I am trying to understand the dependence between Windows and Watermark generation in Apache FLink, I have an error with the example below :
public static void main(String[] args) throws Exception {
StreamExecutionEnvironment env = StreamExecutionEnvironment.getExecutionEnvironment();
env.getConfig().setAutoWatermarkInterval(10000);
FlinkKafkaConsumer<String> kafkaSource = new FlinkKafkaConsumer<String>("watermarkFlink", new SimpleStringSchema(), props);
DataStream<String> orderStream = env.addSource(kafkaSource);
DataStream<Order> dataStream = orderStream.map(str -> {
String[] order = str.split(",");
return new Order(order[0], Long.parseLong(order[1]), null);
});
WatermarkStrategy<Order> orderWatermarkStrategy = CustomWatermarkStrategy.<Order>forBoundedOutOfOrderness(Duration.ofSeconds(1))
.withTimestampAssigner((element, timestamp) ->
element.getTimestamp()
);
dataStream
.assignTimestampsAndWatermarks(orderWatermarkStrategy)
.map(new OrderKeyValue())
.keyBy(new KeySelector<Tuple2<String, Integer>, String>() {
@Override
public String getKey(Tuple2<String, Integer> src) throws Exception {
return src.f0;
}
})
.window(SlidingEventTimeWindows.of(Time.seconds(20), Time.seconds(5)))
.sum(1)
.print("Windows");
dataStream.print("Data");
env.execute();
}
public static class OrderKeyValue implements MapFunction<Order, Tuple2<String, Integer>> {
@Override
public Tuple2<String, Integer> map(Order order) {
return new Tuple2<>(order.getCategory(), 1);
}
}
The timestamp here is a long that we can retrieve from the Kafka source which should be like : A,4 C,8 where the C is the Category and 5 is the timestamp.

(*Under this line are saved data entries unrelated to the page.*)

Lemma Q_div_midpoint_lt (B a b : R) :
  strictly_decreasing_on (fun N => 1 <= N) (fun N => N ^ 2 * dQ N) ->
  c0 <= a -> a < b -> b <= B ->
  Q (B / a) + Q (B / b) < 2 * Q (B / ((a + b) / 2)).
Proof.
  intros HS Ha Hab HbB.
  apply (midpoint_lt_of_derive_decreasing (fun w => Q (B / w))
           (fun w => - B / w ^ 2 * dQ (B / w))); [exact Hab | | |].
  - refine (continuous_on_subset _ _ _ _ (continuous_on_Q_div B)). simpl; intros; lra.
  - intros w Hw. apply (is_derive_comp Q (fun w => B / w)).
    + apply Q_derive. apply (Rmult_lt_reg_r w); [lra |]. field_simplify; lra.
    + auto_derive; [lra | field; lra].
  - intros x y Hx Hxy Hy.
    assert (Hdiv : B / y < B / x).
    { apply Rmult_lt_compat_l; [lra |]. apply Rinv_lt_contravar; nra. }
    assert (Hlt : (B / x) ^ 2 * dQ (B / x) < (B / y) ^ 2 * dQ (B / y)).
    { apply HS; [| | exact Hdiv]; simpl; apply one_le_div; lra. }
    (* In terms of [N = B / w], the derivative of [Q (B / w)] is [- N^2 Q'(N) / B]. *)
    replace (- B / y ^ 2 * dQ (B / y)) with (- ((B / y) ^ 2 * dQ (B / y)) / B) by (field; lra).
    replace (- B / x ^ 2 * dQ (B / x)) with (- ((B / x) ^ 2 * dQ (B / x)) / B) by (field; lra).
    apply Rmult_lt_compat_r; [apply Rinv_0_lt_compat; lra | lra].
Qed.

Lemma Z_midpoint_lt (B a b : R) :
  concave_on (fun w => c0 <= w) mu ->
  strictly_decreasing_on (fun N => 1 <= N) (fun N => N ^ 2 * dQ N) ->
  c0 <= a -> a < b -> b <= B ->
  Defs.Z mu Q B a + Defs.Z mu Q B b < 2 * Defs.Z mu Q B ((a + b) / 2).
Proof.
  intros Hmu HS Ha Hab HbB.
  pose proof (Hmu a b (1 / 2) Ha ltac:(lra) ltac:(lra)) as Hmid.
  replace (1 / 2 * a + (1 - 1 / 2) * b) with ((a + b) / 2) in Hmid by field.
  pose proof (Q_div_midpoint_lt B a b HS Ha Hab HbB).
  unfold Defs.Z. lra.
Qed.

Lemma argmax_set_unique (B a b : R) :
  concave_on (fun w => c0 <= w) mu ->
  strictly_decreasing_on (fun N => 1 <= N) (fun N => N ^ 2 * dQ N) ->
  argmax_set c0 mu Q B a -> argmax_set c0 mu Q B b -> a = b.
Proof.
  intros Hmu HS.
  enough (Hlt : forall a b, argmax_set c0 mu Q B a -> argmax_set c0 mu Q B b -> ~ a < b).
  { intros Ha Hb. destruct (Rtotal_order a b) as [H | [H | H]]; [| exact H |].
    - now destruct (Hlt a b Ha Hb).
    - now destruct (Hlt b a Hb Ha). }
  intros x y [Hx Hxmax] [Hy Hymax] Hxy.
  pose proof (Z_midpoint_lt B x y Hmu HS (proj1 Hx) Hxy (proj2 Hy)).
  pose proof (Hxmax ((x + y) / 2) ltac:(lra)).
  pose proof (Hymax ((x + y) / 2) ltac:(lra)).
  lra.
Qed.

Lemma Z_increasing_differences (B1 B2 w1 w2 : R) :
  nonincreasing_on (fun N => 1 <= N) (fun N => N * dQ N) ->
  B1 <= B2 -> c0 <= w2 <= w1 -> w1 <= B1 ->
  Defs.Z mu Q B1 w1 - Defs.Z mu Q B1 w2 <= Defs.Z mu Q B2 w1 - Defs.Z mu Q B2 w2.
Proof.
  intros HN HB Hw Hw1.
  (* [B / w2 = r * (B / w1)] with the dilation factor [r = w1 / w2]. *)
  pose proof (dilation_gap_nonincreasing Q dQ (w1 / w2) (B1 / w1) (B2 / w1) Q_cont Q_derive HN)
    as Hgap.
  replace (w1 / w2 * (B1 / w1)) with (B1 / w2) in Hgap by (field; lra).
  replace (w1 / w2 * (B2 / w1)) with (B2 / w2) in Hgap by (field; lra).
  enough (Q (B2 / w2) - Q (B2 / w1) <= Q (B1 / w2) - Q (B1 / w1)) by (unfold Defs.Z; lra).
  apply Hgap; [apply one_le_div; lra | split; [apply one_le_div; lra |]].
  apply Rmult_le_compat_r; [apply Rlt_le, Rinv_0_lt_compat |]; lra.
Qed.

Lemma argmax_set_exchange (B1 B2 w1 w2 : R) :
  nonincreasing_on (fun N => 1 <= N) (fun N => N * dQ N) ->
  B1 <= B2 -> w2 <= w1 ->
  argmax_set c0 mu Q B1 w1 -> argmax_set c0 mu Q B2 w2 ->
  argmax_set c0 mu Q B1 w2 /\ argmax_set c0 mu Q B2 w1.
Proof.
  intros HN HB Hw [Hw1 Hmax1] [Hw2 Hmax2].
  pose proof (Z_increasing_differences B1 B2 w1 w2 HN HB (conj (proj1 Hw2) Hw) (proj2 Hw1)).
  pose proof (Hmax1 w2 ltac:(lra)). pose proof (Hmax2 w1 ltac:(lra)).
  split; (split; [lra |]); intros w Hw'.
  - pose proof (Hmax1 w Hw'). lra.
  - pose proof (Hmax2 w Hw'). lra.
Qed.

Lemma is_min_argmax_nondecreasing (B1 B2 w1 w2 : R) :
  nonincreasing_on (fun N => 1 <= N) (fun N => N * dQ N) -> B1 <= B2 ->
  is_min_argmax c0 mu Q B1 w1 -> is_min_argmax c0 mu Q B2 w2 -> w1 <= w2.
Proof.
  intros HN HB [H1 Hmin1] [H2 _]. destruct (Rle_or_lt w1 w2) as [| Hlt]; [assumption |].
  apply Hmin1, (argmax_set_exchange B1 B2 w1 w2 HN HB (Rlt_le _ _ Hlt) H1 H2).
Qed.

Lemma is_max_argmax_nondecreasing (B1 B2 w1 w2 : R) :
  nonincreasing_on (fun N => 1 <= N) (fun N => N * dQ N) -> B1 <= B2 ->
  is_max_argmax c0 mu Q B1 w1 -> is_max_argmax c0 mu Q B2 w2 -> w1 <= w2.
Proof.
  intros HN HB [H1 _] [H2 Hmax2]. destruct (Rle_or_lt w1 w2) as [| Hlt]; [assumption |].
  apply Hmax2, (argmax_set_exchange B1 B2 w1 w2 HN HB (Rlt_le _ _ Hlt) H1 H2).
Qed.

Lemma argmax_set_nondecreasing (B1 B2 w1 w2 : R) :
  concave_on (fun w => c0 <= w) mu ->
  nonincreasing_on (fun N => 1 <= N) (fun N => N * dQ N) ->
  strictly_decreasing_on (fun N => 1 <= N) (fun N => N ^ 2 * dQ N) -> B1 <= B2 ->
  argmax_set c0 mu Q B1 w1 -> argmax_set c0 mu Q B2 w2 -> w1 <= w2.
Proof.
  intros Hmu HN HS HB H1 H2. destruct (Rle_or_lt w1 w2) as [| Hlt]; [assumption |].
  destruct (argmax_set_exchange B1 B2 w1 w2 HN HB (Rlt_le _ _ Hlt) H1 H2) as [H12 _].
  rewrite (argmax_set_unique B1 w1 w2 Hmu HS H1 H12). lra.
Qed.

End Objective.

Theorem theorem1 (c0 : R) (mu dmu d2mu Q dQ d2Q : R -> R) :
  0 < c0 ->
  twice_diff_on (fun x => c0 <= x) mu dmu d2mu ->
  increasing_on (fun x => c0 <= x) mu ->
  concave_on (fun x => c0 <= x) mu ->
  twice_diff_on (fun N => 1 <= N) Q dQ d2Q ->
  (forall N, 1 <= N -> 0 <= Q N) ->
  increasing_on (fun N => 1 <= N) Q ->
  concave_on (fun N => 1 <= N) Q ->
  (nonincreasing_on (fun N => 1 <= N) (fun N => N * dQ N) ->
   (forall B1 B2 w1 w2, c0 <= B1 -> B1 <= B2 ->
      is_min_argmax c0 mu Q B1 w1 -> is_min_argmax c0 mu Q B2 w2 -> w1 <= w2) /\
   (forall B1 B2 w1 w2, c0 <= B1 -> B1 <= B2 ->
      is_max_argmax c0 mu Q B1 w1 -> is_max_argmax c0 mu Q B2 w2 -> w1 <= w2))
  /\
  (nonincreasing_on (fun N => 1 <= N) (fun N => N * dQ N) ->
   strictly_decreasing_on (fun N => 1 <= N) (fun N => N ^ 2 * dQ N) ->
   (forall B, c0 <= B -> exists w, forall w', argmax_set c0 mu Q B w' <-> w' = w) /\
   (forall B1 B2 w1 w2, c0 <= B1 -> B1 <= B2 ->
      argmax_set c0 mu Q B1 w1 -> argmax_set c0 mu Q B2 w2 -> w1 <= w2)).
Proof.
  intros Hc0 [Hmu_d _] _ Hmu_concave [HQ_d _] _ _ _.
  pose proof (is_derive_within_continuous_on _ _ _ Hmu_d) as Hmu.
  pose proof (is_derive_within_continuous_on _ _ _ HQ_d) as HQ.
  pose proof (is_derive_of_within_Ici 1 Q dQ HQ_d) as HdQ.
  split.
  - intros HN. split; intros B1 B2 w1 w2 _ HB H1 H2.
    + eapply is_min_argmax_nondecreasing; eassumption.
    + eapply is_max_argmax_nondecreasing; eassumption.
  - intros HN HS. split.
    + intros B HB. destruct (argmax_set_exists c0 mu Q Hc0 Hmu HQ B HB) as [w Hw].
      exists w. intros w'. split; [| intros ->; exact Hw].
      intros Hw'. eapply argmax_set_unique; eassumption.
    + intros B1 B2 w1 w2 _ HB H1 H2. eapply argmax_set_nondecreasing; eassumption.
Qed.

Whenever I send an event the datastream is printing but not these with the window (print("Windows")). Also if for example I receive an event A,12 and then I have a watermark generated (in 10 seconds) then I have C,2 which comes after the first windows being closed, will it be processed in the window or will it be just ignored ?
There's a tutorial in the Flink documentation that should help clarify these concepts: https://nightlies.apache.org/flink/flink-docs-stable/docs/learn-flink/streaming_analytics/
But to summarize the situation:
If you have an event stream like (A,4) (C,8) (A,12), then those integers will be interpreted as milliseconds.
You first window will wait for a watermark of 20000 before being triggered.
To generate a watermark that large, you'll need an event with a timestamp of at least 21000 (since the bounded out-of-orderness is set to 1 second).
And since you have configured the auto-watermarking interval to 10 seconds, your application will have to run that long before the first watermark will be generated. (I can't think of any situation where setting the watermarking interval this large is helpful.)
If an event arrives after its window has been closed, then it will be ignored (by default). You can configure allowed lateness to arrange for late events to trigger additional window firings.